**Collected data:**
Lemma load2_le_xa e : load 2 e <= xa R e.
Proof.
case: (elayer_cases e) => le; last first.
  have [tl Vk _ _] := edge_L3 le; pose V := Sv (tail e).
  pose c := (binR R (m - k) k)^-1 * (binR R k.*2 k)^-1.
  have -> : load 2 e = \sum_(f | (elayer f == 2%N) && inD f e) c.
    rewrite /load big_mkcondr; apply: eq_bigr => f /eqP lf.
    rewrite /xsub /xa lf edge_layer_neq ?le ?lf //=.
    by case: (inD f e); rewrite ?mulr1 ?mulr0.
  apply: le_trans (ler_sum_inj (P := fun f => (elayer f == 2%N) && inD f e)
                     (Q := fun U => U \in [set U : {set 'I_m} | U \subset V & #|U| == k])
                     (h := fun f => Sv (tail f)) (g := fun=> c) _ _ _) _.
  - move=> f g /andP[/eqP lf Df] /andP[/eqP lg Dg]; apply: L2_edge_inj => //.
    by rewrite (inD_head Df) ?(inD_head Dg) ?lf ?lg ?tl.
  - move=> f /andP[/eqP lf Df]; have [_ Tf Tfsub] := edge_L2 lf.
    by rewrite inE Tf eqxx andbT /V -(inD_head Df) ?lf ?tl.
  - by move=> U _; rewrite mulr_ge0 // invr_ge0 ler0n.
  rewrite sumr_const cards_draws Vk -mulr_natr -/(binR R k.*2 k) /c /xa le.
  by rewrite -mulrA mulVf ?mulr1 // binR_neq0 // -addnn leq_addr.
all: apply: load_le_xa_diag => f lf fe.
all: by rewrite /xsub lf eq_sym (negbTE fe) le.
Qed.

Lemma load1_le_xa e : load 1 e <= xa R e.
Proof.
case: (elayer_cases e) => le.
- apply: load_le_xa_diag => f lf fe.
  by rewrite /xsub lf eq_sym (negbTE fe) le; case: (inD f e).
- have [tl _ _] := edge_L2 le.
  have -> : load 1 e = \sum_(f | (elayer f == 1%N) && inD f e) xa R e.
    rewrite /load big_mkcondr; apply: eq_bigr => f /eqP lf.
    rewrite /xsub /xa lf edge_layer_neq ?le ?lf //=.
    by case: (inD f e); rewrite ?mulr0.
  apply: ler_sum_unique_support => [|f g /andP[/eqP lf Df] /andP[/eqP lg Dg] _ _|//].
    by have /andP[] := xa_ge0_le1 R e.
  apply: L1_edge_inj => //.
  by rewrite /Se (inD_head Df) ?(inD_head Dg) ?lf ?lg ?tl.
have [tl Vk Wk WV] := edge_L3 le; pose V := Sv (tail e); pose W := Se e.
pose g (U : {set 'I_m}) : R :=
  (binR R m k)^-1 * (binR R (m - k.*2 + #|U :&: W|) #|U :&: W|)^-1.
have -> : load 1 e = \sum_(f | (elayer f == 1%N) && inD f e) g (Se f).
  rewrite /load big_mkcondr; apply: eq_bigr => f /eqP lf.
  rewrite /xsub /xa lf edge_layer_neq ?le ?lf //=.
  case: (inD f e); rewrite ?mulr0 // /g setIC mulrA mulKf ?binR_neq0 //.
  by rewrite leq_subRL ?addnn // (leq_trans _ k2_le_m) // -addnn leq_addr.
apply: le_trans (ler_sum_inj (P := fun f => (elayer f == 1%N) && inD f e)
                   (Q := fun U : {set 'I_m} => (U \subset V) && (#|U| == k))
                   (h := @Se m k) (g := g) _ _ _) _.
- by move=> f f' /andP[/eqP lf _] /andP[/eqP lf' _]; apply: L1_edge_inj.
- move=> f /andP[/eqP lf Df]; have [_ _ ->] := edge_L1 lf; rewrite eqxx andbT.
  by apply: reach_subset Df _ tl; rewrite -/(elayer f).
- by move=> U _; rewrite mulr_ge0 // invr_ge0 ler0n.
rewrite -mulr_sumr (sum_draws_by_meet WV k (fun j => (binR R (m - k.*2 + j) j)^-1)) Wk.
have VWk : #|V :\: W| = k by rewrite cardsD (setIidPr WV) Vk Wk -addnn addnK.
under eq_bigr do rewrite VWk -mulr_natl.
rewrite sum_bin_div_bin (_ : m - k.*2 + k + k = m)%N; last by lia.
rewrite (_ : m - k.*2 + k = m - k)%N; last by lia.
rewrite /xa le mulrA mulVf ?mul1r // binR_neq0 //.
by rewrite (leq_trans _ k2_le_m) // -addnn leq_addr.
Qed.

**Exercise requirements:** Identify the lines in the entries above that contain "andbT", then copy them out.

**Solution to the problem:**
    by rewrite inE Tf eqxx andbT /V -(inD_head Df) ?lf ?tl.
- move=> f /andP[/eqP lf Df]; have [_ _ ->] := edge_L1 lf; rewrite eqxx andbT.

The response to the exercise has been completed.